Save as sequencefile failing

While saving final output file after joining, is failing. Pls help how to save in sequence file.

Below is the final aggregation command.

val revenueOrderPerDay = rev.aggregateByKey((0.0,0))((acc,value) => (acc._1+value, acc._2+1), (acc,value) => (acc._1+value._1, acc._2+value._2))
revenueOrderPerDay: org.apache.spark.rdd.RDD[(String, (Double, Int))] = ShuffledRDD[12] at aggregateByKey at :43

#Following are failing commands:
revenueOrderPerDay.map(rec => (rec._1, rec._2)).saveAsSequenceFile("/user/nikkhiel123/scala/sequence")
:46: error: value saveAsSequenceFile is not a member of org.apache.spark.rdd.RDD[(String, (Double, Int))]

revenueOrderPerDay.saveAsSequenceFile("/user/nikkhiel123/scala/sequence")
:46: error: value saveAsSequenceFile is not a member of org.apache.spark.rdd.RDD[(String, (Double, Int))]
revenueOrderPerDay.saveAsSequenceFile("/user/nikkhiel123/scala/sequence")

revenueOrderPerDay.map(rec => (NullWritable.get(), rec)).saveAsSequenceFile("/user/nikkhiel123/scala/sequence")
:49: error: value saveAsSequenceFile is not a member of org.apache.spark.rdd.RDD[(org.apache.hadoop.io.NullWritable, (String, (Double, Int)))]

Instead of above transformation and action at same time. Try below:

revenueOrderPerDay.saveAsSequenceFile("/user/nikkhiel123/scala/sequence")

It should work.

Thanks Ravi,

I tried that also. But it failed too. Pls see second failed command in my original post.

@N_Chakote - Not sure why you are NOT able to saveAsSequenceFile, below is the full code which is working fine at end save as well.

orderRDD = sc.textFile("/user/gnanaprakasam/sqoop_import/orders")

orderParsed = orderRDD.map(lambda rec: (rec.split(",")[0], rec))

orderItemRDD = sc.textFile("/user/gnanaprakasam/sqoop_import/order_items")

orderItemParsed = orderItemRDD.map(lambda rec: (rec.split(",")[1], rec))

orderItemjoinorder = orderItemParsed.join(orderParsed)

orderdtidamt = orderItemjoinorder.map(lambda rec: ((rec[1][1].split(",")[1], rec[1][1].split(",")[0]), float(rec[1][0].split(",")[4])))

revenuereduceByKey = orderdtidamt.reduceByKey(lambda acc, value : acc + value)

revenuedateamt = revenuereduceByKey.map(lambda rec: (rec[0][0], rec[1]))

revenueaggregateByKey = revenuedateamt.aggregateByKey((0,0), lambda acc, value: (acc[0] + value, acc[1] + 1), lambda total1, total2: (round((total1[0] + total2[0]), 2), total1[1] + total2[1]))

revenuePerDay = revenueaggregateByKey.map(lambda rec: (rec[0], round((rec[1][0] / rec[1][1]), 2)))

revenuePerDay.saveAsSequenceFile("/user/gnanaprakasam/pyspark/revenuePerDaySeq")

@gnanaprakasam
Thank you,
The above code is working for me also while saving average revenue.

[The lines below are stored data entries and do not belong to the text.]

(* Let $H$ be a Hilbert space and consider the Cauchy problem $\dot{u}=A(t)u+F(t,u)$, $t\ge 0$, $u(0)=u_0$, for a function $u(t)$ with values in $H$, where $\dot u := \frac{du}{dt}$. Assume that $A(t)$ is a bounded linear operator in $H$ satisfying $\mathrm{Re}(A(t)u,u)\le -k\|u\|^2$ for all $u\in H$ and all $t\ge 0$, where $k>0$ is a constant, and that $F(t,u)$ is a nonlinear map in $H$ satisfying $\|F(t,u)\|\le c_0\|u\|^p$, where $c_0>0$ and $p>1$ are constants. Then the solution to this problem satisfies the estimate $\|u(t)\|=O(e^{-(k-\epsilon)t})$ as $t\to\infty$. Here $0<\epsilon<k$ can be chosen arbitrarily small if $\|u_0\|$ is sufficiently small.
   Context: Hilbert space $H$; $A(t)$ a bounded linear dissipative operator; the problem is $\dot{u}=A(t)u+F(t,u)+b(t)$, $u(0)=u_0$, with the persistently acting perturbation $b(t)=0$. *)

From HB Require Import structures.
From mathcomp Require Import all_boot all_order all_algebra.
From mathcomp Require Import all_classical all_reals all_analysis.
Set Implicit Arguments. Unset Strict Implicit. Unset Printing Implicit Defensive.
Import Order.TTheory GRing.Theory Num.Theory.
Import numFieldNormedType.Exports.
Local Open Scope ring_scope.

(* [ip] is a (real) inner product on the normed space V inducing its norm:
   symmetric, bilinear, and (u,u) = ||u||^2.  Together with completeness of V
   this makes V a (real) Hilbert space. *)
Definition is_inner_product (R : realType) (V : normedModType R)
  (ip : V -> V -> R) : Prop :=
  [/\ forall u v, ip u v = ip v u,
      forall a u v w, ip (a *: u + v) w = a * ip u w + ip v w
    & forall u, ip u u = `|u| ^+ 2].

Definition bounded_op (R : realType) (V : normedModType R)
  (B : {linear V -> V}) : Prop :=
  exists M : R, forall u, `|B u| <= M * `|u|.

From HB Require Import structures.
From mathcomp Require Import all_boot all_order all_algebra.
From mathcomp Require Import all_classical all_reals all_analysis.
From mathcomp Require Import ring lra.
Import Order.TTheory GRing.Theory Num.Theory.
Import numFieldNormedType.Exports.
Local Open Scope classical_set_scope.
Local Open Scope ring_scope.
Set Implicit Arguments. Unset Strict Implicit.

(* Set delta := (eps / c0)^(1/(p-1)).  Inside the ball of radius delta the
   nonlinearity obeys |F t u| <= eps |u|, so (A t u + F t u, u) <= -(k - eps) |u|^2
   and the energy |u t|^2 e^(2 (k - eps) t) is nonincreasing; this gives
   |u t| <= |u0| e^(-(k - eps) t) < delta as long as the solution stays in the
   ball.  A first-exit-time argument shows that it never leaves it. *)

Section InnerProduct.
Variables (R : realType) (H : normedModType R) (ip : H -> H -> R).
Hypothesis hip : is_inner_product ip.

Lemma ipC u v : ip u v = ip v u. Proof. by case: hip. Qed.

Lemma ipp u : ip u u = `|u| ^+ 2. Proof. by case: hip. Qed.

Lemma ipDl u v w : ip (u + v) w = ip u w + ip v w.
Proof. by case: hip => _ ipDZ _; rewrite -[u]scale1r ipDZ mul1r scale1r. Qed.

Lemma ip0l w : ip 0 w = 0.
Proof. by have := ipDl 0 0 w; rewrite addr0 => ?; lra. Qed.

Lemma ipZl a u w : ip (a *: u) w = a * ip u w.
Proof. by case: hip => _ ipDZ _; rewrite -[a *: u]addr0 ipDZ ip0l addr0. Qed.

Lemma ipNl u w : ip (- u) w = - ip u w.
Proof. by rewrite -scaleN1r ipZl mulN1r. Qed.

Lemma ipDr u v w : ip w (u + v) = ip w u + ip w v.
Proof. by rewrite ipC ipDl !(ipC w). Qed.

Lemma ipNr u w : ip w (- u) = - ip w u.
Proof. by rewrite ipC ipNl ipC. Qed.

Lemma ipZr a u w : ip w (a *: u) = a * ip w u.
Proof. by rewrite ipC ipZl ipC. Qed.

Lemma ip_polarization u v :
  ip u v = (`|u + v| ^+ 2 - `|u - v| ^+ 2) / 4.
Proof. by rewrite -!ipp !ipDl !ipDr !ipNl !ipNr (ipC v u); field. Qed.

(* Continuity of [ip] is not among the axioms; it follows from polarization. *)
Lemma cvg_ip {T} {F : set_system T} {FF : Filter F} (f g : T -> H) a b :
  f @ F --> a -> g @ F --> b -> (fun x => ip (f x) (g x)) @ F --> ip a b.
Proof.
move=> fa gb; rewrite ip_polarization !expr2.
under eq_fun do rewrite ip_polarization !expr2.
have nD : `|f x + g x| @[x --> F] --> `|a + b| by exact: cvg_norm (cvgD fa gb).
have nB : `|f x - g x| @[x --> F] --> `|a - b| by exact: cvg_norm (cvgB fa gb).
exact: cvgM (cvgB (cvgM nD nD) (cvgM nB nB)) (cvg_cst _).
Qed.

Lemma ip_le_mul_sqr (e : R) u v :
  0 < e -> `|u| <= e * `|v| -> ip u v <= e * `|v| ^+ 2.
Proof.
move=> e0 uv; have := ipp (u - e *: v).
rewrite !ipDl !ipDr !ipNl !ipNr !ipZl !ipZr !ipp (ipC v u) => expand.
have := sqr_ge0 `|u - e *: v|; rewrite -expand.
have := normr_ge0 u; nra.
Qed.

Lemma is_derive_sqr_norm (u : R -> H) (t : R) (du : H) :
  is_derive t (1 : R) u du ->
  is_derive t (1 : R) (fun s => `|u s| ^+ 2) (2 * ip du (u t)).
Proof.
move=> [du1 du2].
have quotE (h : R) : h^-1 *: (`|u (h *: 1 + t)| ^+ 2 - `|u t| ^+ 2) =
    ip (h^-1 *: (u (h *: 1 + t) - u t)) (u (h *: 1 + t) + u t).
  rewrite -!ipp ipZl !ipDl !ipDr !ipNl (ipC (u t)) -[LHS]/(h^-1 * _).
  by congr (_ * _); lra.
have uC : u (h *: 1 + t) @[h --> 0^'] --> u t.
  suff : {for 0, continuous (fun h : R => u (h *: 1 + t))}.
    by move=> /continuous_withinNx; rewrite scale0r add0r.
  exact/differentiable_continuous/derivable1_diffP/(derivable1P _ _ _).1.
have quot_cvg : (fun h : R => h^-1 *: (`|u (h *: 1 + t)| ^+ 2 - `|u t| ^+ 2))
    @ 0^' --> 2 * ip du (u t).
  under eq_fun do rewrite quotE.
  have -> : 2 * ip du (u t) = ip du (u t + u t) by rewrite ipDr; lra.
  by apply: cvg_ip; [rewrite -du2; exact: du1 | exact: cvgD uC (cvg_cst _)].
by split; [apply/cvg_ex; exists (2 * ip du (u t)) | exact: cvg_lim quot_cvg].
Qed.

End InnerProduct.

Definition energy (R : realType) (H : normedModType R) (u : R -> H) (b s : R) :=
  `|u s| ^+ 2 * expR (2 * b * s).

Section Energy.
Variables (R : realType) (H : normedModType R) (ip : H -> H -> R).
Hypothesis hip : is_inner_product ip.

Lemma energy0 (u : R -> H) b : energy u b 0 = `|u 0| ^+ 2.
Proof. by rewrite /energy mulr0 expR0 mulr1. Qed.

Lemma is_derive_energy (u : R -> H) (du : H) (b t : R) :
  is_derive t (1 : R) u du ->
  is_derive t (1 : R) (energy u b)
    (expR (2 * b * t) * (2 * b * `|u t| ^+ 2 + 2 * ip du (u t))).
Proof.
move=> udu.
have lin : is_derive t (1 : R) (fun s : R => 2 * b * s) (2 * b).
  by rewrite -[X in is_derive _ _ _ X]mulr1; exact: is_deriveZ.
have dexp : is_derive t (1 : R) (fun s : R => expR (2 * b * s))
    (expR (2 * b * t) * (2 * b)).
  exact: (is_derive1_comp (f := expR) (g := fun s : R => 2 * b * s)).
have -> : energy u b = (fun s => `|u s| ^+ 2) * (fun s => expR (2 * b * s)).
  by [].
have -> : expR (2 * b * t) * (2 * b * `|u t| ^+ 2 + 2 * ip du (u t)) =
    `|u t| ^+ 2 *: (expR (2 * b * t) * (2 * b)) +
    expR (2 * b * t) *: (2 * ip du (u t)).
  by rewrite /GRing.scale /=; ring.
exact: is_deriveM (is_derive_sqr_norm hip udu) dexp.
Qed.

Lemma continuous_energy (u : R -> H) b (A : set R) :
  {within A, continuous u} -> {within A, continuous energy u b}.
Proof.
move=> cu x; apply: cvgM.
  rewrite expr2; exact: cvgM (cvg_norm (cu x)) (cvg_norm (cu x)).
apply: (continuous_subspaceT (f := fun s : R => expR (2 * b * s))) => s.
apply: continuous_comp; last exact: continuous_expR.
exact: cvgM (cvg_cst _) cvg_id.
Qed.

Lemma energy_nonincreasing (u du : R -> H) b T : 0 <= T ->
  {within `[0, T], continuous u} ->
  (forall s, 0 < s < T -> is_derive s (1 : R) u (du s)) ->
  (forall s, 0 < s < T -> ip (du s) (u s) <= - b * `|u s| ^+ 2) ->
  energy u b T <= energy u b 0.
Proof.
move=> T0 cu udu diss.
have denergy s : s \in `]0, T[ -> derivable (energy u b) s 1.
  by rewrite in_itv /= => /udu /(is_derive_energy b) [].
have denergy_le0 s : s \in `]0, T[ -> derive1 (energy u b) s <= 0.
  rewrite in_itv /= derive1E => sT; have [_ ->] := is_derive_energy b (udu s sT).
  have := diss s sT; have := expR_gt0 (2 * b * s); nra.
by apply: (ler0_derive1_le_cc denergy denergy_le0 (continuous_energy cu));
  rewrite ?in_itv /= ?lexx ?T0.
Qed.

End Energy.

Lemma mul_powR_le_lin (R : realType) (c e p x : R) : 0 < c -> 1 < p -> 0 < e ->
  0 <= x -> x <= powR (e / c) (p - 1)^-1 -> c * powR x p <= e * x.
Proof.
move=> c0 p1 e0 x0 xsmall; have p10 : 0 < p - 1 by rewrite subr_gt0.
have [->|xn0] := eqVneq x 0.
  by rewrite powR0 ?mulr0 // gt_eqF // (lt_trans ltr01).
have xp : powR x (p - 1) <= e / c.
  have := ge0_ler_powR (ltW p10) x0 (powR_ge0 _ _) xsmall.
  by rewrite -powRrM mulVf ?lt0r_neq0 // powRr1 // ltW // divr_gt0.
rewrite -[p](subrK 1) powRD ?xn0 ?implybT // powRr1 // mulrA.
by apply: ler_wpM2r => //; rewrite mulrC -ler_pdivlMr.
Qed.

Lemma sqr_expR_le_decay (R : realType) (x c b t : R) : 0 <= x -> 0 <= c ->
  x ^+ 2 * expR (2 * b * t) <= c ^+ 2 -> x <= c * expR (- b * t).
Proof.
move=> x0 c0; rewrite -mulrA expRM_natl -exprMn.
rewrite ler_sqr ?nnegrE ?mulr_ge0 ?expR_ge0 // => le_c.
by rewrite mulNr expRN ler_pdivlMr ?expR_gt0.
Qed.

Lemma continuous_stays_below (R : realType) (g : R -> R) (d : R) :
  {within `[0, +oo[, continuous g} -> g 0 < d ->
  (forall T, 0 < T -> (forall s, 0 < s < T -> g s <= d) -> g T < d) ->
  forall t, 0 <= t -> g t < d.
Proof.
move=> cg g0 barrier t t0; rewrite ltNge; apply/negP => d_le_gt.
pose S := [set s : R | 0 <= s /\ d <= g s].
have S0 : S !=set0 by exists t.
have lbS : lbound S 0 by move=> s [].
have ts0 : 0 <= inf S := lb_le_inf S0 lbS.
have inf_le s : S s -> inf S <= s by apply: ge_inf; exists 0.
set ts := inf S in ts0 inf_le.
have d_le_gts : d <= g ts.
  rewrite leNgt; apply/negP => gts_lt.
  have : g @ within `[0, +oo[ (nbhs ts) --> g ts.
    by move/subspace_continuousP: cg; apply; rewrite /= in_itv /= ts0.
  move=> /cvgr_dist_lt /(_ (d - g ts)); rewrite subr_gt0 => /(_ gts_lt).
  rewrite near_withinE => /nbhs_ballP [r r0 near_ts].
  suff : ts + r <= ts by rewrite gerDl leNgt r0.
  apply: (@lb_le_inf _ _ (ts + r) S0) => s [s0 ds].
  rewrite leNgt; apply/negP => s_lt.
  have ts_s := inf_le s (conj s0 ds).
  have : ball ts r s by rewrite -ball_normE /= ler0_norm ?subr_le0 //; lra.
  move=> /near_ts; rewrite /= in_itv /= s0 => /(_ isT).
  by have := ler_norm (g s - g ts); rewrite distrC; lra.
have ts_gt0 : 0 < ts.
  by rewrite lt_neqAle ts0 andbT; apply: contraTneq d_le_gts => <-; rewrite -ltNge.
suff : g ts < d by rewrite ltNge d_le_gts.
apply: (barrier ts ts_gt0) => s /andP[s0 s_lt]; rewrite leNgt; apply/negP => ds.
by have := inf_le s (conj (ltW s0) (ltW ds)); rewrite leNgt s_lt.
Qed.

Theorem theorem3 (R : realType) (H : completeNormedModType R)
  (ip : H -> H -> R) (A : R -> {linear H -> H}) (F : R -> H -> H)
  (k c0 p : R) :
  is_inner_product ip ->
  0 < k -> 0 < c0 -> 1 < p ->
  (forall t, 0 <= t -> bounded_op (A t)) ->
  (forall t u, 0 <= t -> ip (A t u) u <= - k * `|u| ^+ 2) ->
  (forall t u, 0 <= t -> `|F t u| <= c0 * powR `|u| p) ->
  forall eps : R, 0 < eps -> eps < k ->
  exists delta : R, 0 < delta /\
    forall (u0 : H) (u : R -> H),
      `|u0| < delta ->
      u 0 = u0 ->
      {within `[0, +oo[, continuous u} ->
      (forall t : R, 0 < t -> is_derive t (1 : R) u (A t (u t) + F t (u t))) ->
      exists C T : R, forall t, T <= t -> `|u t| <= C * expR (- (k - eps) * t).
Proof.
move=> hip k0 c00 p1 _ Adiss Fbd eps e0 ek.
set delta := powR (eps / c0) (p - 1)^-1.
have delta0 : 0 < delta by rewrite powR_gt0 // divr_gt0.
exists delta; split=> // u0 u u0_lt u_0 cu du.
have diss t v : 0 <= t -> `|v| <= delta ->
    ip (A t v + F t v) v <= - (k - eps) * `|v| ^+ 2.
  move=> t0 vd; rewrite (ipDl hip).
  have := Fbd t v t0; rewrite -/delta in vd.
  move=> /le_trans /(_ (mul_powR_le_lin c00 p1 e0 (normr_ge0 v) vd)) /ip_le_mul_sqr.
  by move=> /(_ _ hip e0); have := Adiss t v t0; lra.
have decay T : 0 <= T -> (forall s, 0 < s < T -> `|u s| <= delta) ->
    `|u T| <= `|u0| * expR (- (k - eps) * T).
  move=> T0 small; apply: sqr_expR_le_decay => //.
  have cuT : {within `[0, T], continuous u}.
    by apply: continuous_subspaceW cu => s /=; rewrite !in_itv /= => /andP[->].
  have := energy_nonincreasing hip (b := k - eps) T0 cuT (fun s sT => du s (andP sT).1).
  rewrite energy0 u_0; apply => s sT.
  by apply: diss (small s sT); rewrite ltW // (andP sT).1.
have small t : 0 <= t -> `|u t| < delta.
  apply: (continuous_stays_below (g := fun s => `|u s|)).
  - apply/subspace_continuousP => x x0.
    by apply: cvg_norm; move/subspace_continuousP: cu; apply.
  - by rewrite u_0.
  move=> T T0 /(decay T (ltW T0)) /le_lt_trans; apply; apply: le_lt_trans u0_lt.
  by rewrite ler_piMr // expR_le1 mulNr oppr_le0 mulr_ge0 // ?subr_ge0 ltW.
exists `|u0|, 0 => t t0.
by apply: decay t0 _ => s /andP[s0 _]; exact/ltW/small/ltW.
Qed.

But if I want to save the RDD revenueaggregateByKey, (it is returning org.apache.spark.rdd.RDD[(String, (Double, Int))]) by using
revenueaggregateByKey.saveAsSequenceFile is faiing. Can you pls check.

Pls help.

@N_Chakote - I am able to save revenueaggregateByKey.saveAsSequenceFile.

Do you have full code ? Did you see any difference in yours ?

Thanks, @gnanaprakasam
I tried my code and also I copy pasted Durga sir’s. It is happening same. I will try again today and get back. In your case, did you launch Spark with yarn or local. And did it save as [Text,ArrayWritable].

@N_Chakote - For scala I am able to save Text File, Not able to save as sequence File.

But for python I could able to save both.